:: DESCRIPTION OF THE TASK ::
Every line below between the line holding "(d - 2 * cos" and the line holding "assert (Ha0 : a1 n a t1 O = 0).", inclusive, should be repeated exactly, and all other lines omitted.

Collected data
(* Let $n\ge2$, let $a_1,\dots,a_n$ be real numbers, $C(t)=\sum_{j=1}^n a_j\cos jt$, $S(t)=\sum_{j=1}^n a_j\sin jt$, and suppose $S(t_1)=0$ with $t_1\in(0,\pi)$. Define $a^{(1)}_1,\dots,a^{(1)}_{n-1}$ by setting $a^{(1)}_n=a^{(1)}_{n+1}=0$ and, for $k=n,n-1,\dots,2$ (in this order), $$a^{(1)}_{k-1}=2a_k+2\cos t_1\, a^{(1)}_k-a^{(1)}_{k+1}.$$ Then $$C(\pi)=-\frac{a^{(1)}_1}{2}-(1+\cos t_1)\sum_{j=1}^{n-1}(-1)^j a^{(1)}_j .$$ *)

From Stdlib Require Import Reals.
Open Scope R_scope.

Fixpoint sum1 (m : nat) (f : nat -> R) : R :=
  match m with
  | O => 0
  | S m' => sum1 m' f + f (S m')
  end.

(* Auxiliary: c m = a^{(1)}_{n+1-m}, computed in the order k = n, n-1, ... *)
Fixpoint rec_aux (n : nat) (a : nat -> R) (t1 : R) (m : nat) : R * R :=
  (* returns (c m, c (m+1)) *)
  match m with
  | O => (0, 0)
  | S m' =>
      let (cm', cm) := rec_aux n a t1 m' in
      (* c (m'+2) = a^{(1)}_{n-1-m'} = 2 a_{n-m'} + 2 cos t1 c(m'+1) - c m' *)
      (cm, 2 * a (n - m')%nat + 2 * cos t1 * cm - cm')
  end.

(* a1 n a t1 k = a^{(1)}_k for 1 <= k <= n+1 *)
Definition a1 (n : nat) (a : nat -> R) (t1 : R) (k : nat) : R :=
  fst (rec_aux n a t1 (n + 1 - k)%nat).

Definition Csum (n : nat) (a : nat -> R) (t : R) : R :=
  sum1 n (fun j => a j * cos (INR j * t)).
Definition Ssum (n : nat) (a : nat -> R) (t : R) : R :=
  sum1 n (fun j => a j * sin (INR j * t)).

(* Put a^(1)_0 := 2 a_1 + 2 cos t1 a^(1)_1 - a^(1)_2, so that
   2 a_k = a^(1)_(k-1) + a^(1)_(k+1) - 2 cos t1 a^(1)_k for 1 <= k <= n, with
   a^(1)_n = a^(1)_(n+1) = 0.  For any weights w_k with
   w_(k+1) + w_(k-1) = d w_k, summation by parts gives
   2 sum a_k w_k = (d - 2 cos t1) sum a^(1)_k w_k + a^(1)_0 w_1 - a^(1)_1 w_0.
   With w_k = sin (k t1) and d = 2 cos t1 this reads 2 S(t1) = a^(1)_0 sin t1,
   so a^(1)_0 = 0; with w_k = cos (k pi) = (-1)^k and d = -2 it is the claim. *)

From Stdlib Require Import Reals Lra Lia.
Open Scope R_scope.

Lemma sum1_ext (m : nat) (f g : nat -> R) :
  (forall j, (1 <= j <= m)%nat -> f j = g j) -> sum1 m f = sum1 m g.
Proof.
  induction m as [|m IH]; intros Hfg; simpl; [reflexivity|].
  rewrite IH by (intros; apply Hfg; lia).
  rewrite (Hfg (S m)) by lia. reflexivity.
Qed.

Lemma sum1_scal (m : nat) (r : R) (f : nat -> R) :
  sum1 m (fun j => r * f j) = r * sum1 m f.
Proof. induction m as [|m IH]; simpl; [ring|rewrite IH; ring]. Qed.

Lemma sum1_by_parts_recurrence (b w : nat -> R) (c d : R) (N : nat) :
  (forall k, w (S (S k)) + w k = d * w (S k)) ->
  sum1 N (fun k => (b (pred k) + b (S k) - c * b k) * w k) =
  (d - c) * sum1 N (fun k => b k * w k)
  + b O * w 1%nat - b 1%nat * w O + b (S N) * w N - b N * w (S N).
Proof.
  intros Hw. induction N as [|N IH]; cbn [sum1 pred]; [ring|].
  rewrite IH. pose proof (Hw N) as HwN. nra.
Qed.

Lemma sin_mult_recurrence (t : R) (k : nat) :
  sin (INR (S (S k)) * t) + sin (INR k * t) = 2 * cos t * sin (INR (S k) * t).
Proof.
  replace (INR (S (S k)) * t) with (INR (S k) * t + t) by (rewrite !S_INR; ring).
  replace (INR k * t) with (INR (S k) * t - t) by (rewrite S_INR; ring).
  rewrite sin_plus, sin_minus. ring.
Qed.

Lemma cos_INR_mult_PI (k : nat) : cos (INR k * PI) = (-1) ^ k.
Proof.
  induction k as [|k IH]; cbn [pow].
  - rewrite Rmult_0_l, cos_0. reflexivity.
  - rewrite S_INR, Rmult_plus_distr_r, Rmult_1_l, cos_plus, cos_PI, sin_PI, IH.
    ring.
Qed.

Section DerivedCoefficients.

Variables (n : nat) (a : nat -> R) (t1 : R).

Let b := a1 n a t1.

Lemma a1_n : b n = 0.
Proof. unfold b, a1. replace (n + 1 - n)%nat with 1%nat by lia. reflexivity. Qed.

Lemma a1_Sn : b (S n) = 0.
Proof. unfold b, a1. replace (n + 1 - S n)%nat with O by lia. reflexivity. Qed.

Hypothesis n_gt0 : (1 <= n)%nat.

(* Also valid for k = 1, where it defines a^(1)_0 = fst (rec_aux (n + 1)). *)
Lemma a1_recurrence (k : nat) : (1 <= k <= n)%nat ->
  2 * a k = b (pred k) + b (S k) - 2 * cos t1 * b k.
Proof.
  intros Hk. unfold b, a1.
  replace (n + 1 - pred k)%nat with (S (S (n - k))) by lia.
  replace (n + 1 - k)%nat with (S (n - k)) by lia.
  replace (n + 1 - S k)%nat with (n - k)%nat by lia.
  cbn [rec_aux]. destruct (rec_aux n a t1 (n - k)) as [p q]; cbn [fst].
  replace (n - (n - k))%nat with k by lia. ring.
Qed.

Lemma twice_weighted_sum (w : nat -> R) (d : R) :
  (forall k, w (S (S k)) + w k = d * w (S k)) ->
  2 * sum1 n (fun k => a k * w k) =
  (d - 2 * cos t1) * sum1 n (fun k => b k * w k) + b O * w 1%nat - b 1%nat * w O.
Proof.
  intros Hw.
  rewrite <- sum1_scal.
  rewrite (sum1_ext n _ (fun k => (b (pred k) + b (S k) - 2 * cos t1 * b k) * w k)).
  2:{ intros k Hk. rewrite <- a1_recurrence by exact Hk. ring. }
  rewrite (sum1_by_parts_recurrence b w _ d n Hw), a1_n, a1_Sn. ring.
Qed.

End DerivedCoefficients.

Theorem corollary2 (n : nat) (a : nat -> R) (t1 : R) :
  (2 <= n)%nat ->
  0 < t1 < PI ->
  Ssum n a t1 = 0 ->
  Csum n a PI =
    - a1 n a t1 1 / 2
    - (1 + cos t1) * sum1 (n - 1) (fun j => (-1) ^ j * a1 n a t1 j).
Proof.
  intros Hn Ht HS.
  assert (Hn1 : (1 <= n)%nat) by lia.
  assert (Ha0 : a1 n a t1 O = 0).
  { pose proof (twice_weighted_sum n a t1 Hn1 (fun k => sin (INR k * t1)) _
                  (sin_mult_recurrence t1)) as Hsin.
    change (sum1 n (fun k => a k * _)) with (Ssum n a t1) in Hsin. rewrite HS in Hsin.
    change (INR 1) with 1 in Hsin. change (INR 0) with 0 in Hsin.
    rewrite Rmult_1_l, Rmult_0_l, sin_0, Rminus_diag in Hsin.
    assert (0 < sin t1) by (apply sin_gt_0; lra). nra. }
  assert (Hcos : 2 * Csum n a PI =
            (-2 - 2 * cos t1) * sum1 n (fun k => a1 n a t1 k * (-1) ^ k)
            + a1 n a t1 O * (-1) ^ 1 - a1 n a t1 1 * (-1) ^ 0).
  { rewrite <- (twice_weighted_sum n a t1 Hn1 (fun k => (-1) ^ k) (-2))
      by (intros k; cbn [pow]; ring).
    unfold Csum. f_equal. apply sum1_ext. intros k _. now rewrite cos_INR_mult_PI. }
  destruct n as [|m]; [lia|]. replace (S m - 1)%nat with m by lia.
  cbn [sum1] in Hcos. rewrite a1_n, Ha0 in Hcos.
  rewrite (sum1_ext m _ (fun k => a1 (S m) a t1 k * (-1) ^ k))
    by (intros; apply Rmult_comm).
  lra.
Qed.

:: EXERCISE SOLUTION ::
  (d - 2 * cos t1) * sum1 n (fun k => b k * w k) + b O * w 1%nat - b 1%nat * w O.
Proof.
  intros Hw.
  rewrite <- sum1_scal.
  rewrite (sum1_ext n _ (fun k => (b (pred k) + b (S k) - 2 * cos t1 * b k) * w k)).
  2:{ intros k Hk. rewrite <- a1_recurrence by exact Hk. ring. }
  rewrite (sum1_by_parts_recurrence b w _ d n Hw), a1_n, a1_Sn. ring.
Qed.

End DerivedCoefficients.

Theorem corollary2 (n : nat) (a : nat -> R) (t1 : R) :
  (2 <= n)%nat ->
  0 < t1 < PI ->
  Ssum n a t1 = 0 ->
  Csum n a PI =
    - a1 n a t1 1 / 2
    - (1 + cos t1) * sum1 (n - 1) (fun j => (-1) ^ j * a1 n a t1 j).
Proof.
  intros Hn Ht HS.
  assert (Hn1 : (1 <= n)%nat) by lia.
  assert (Ha0 : a1 n a t1 O = 0).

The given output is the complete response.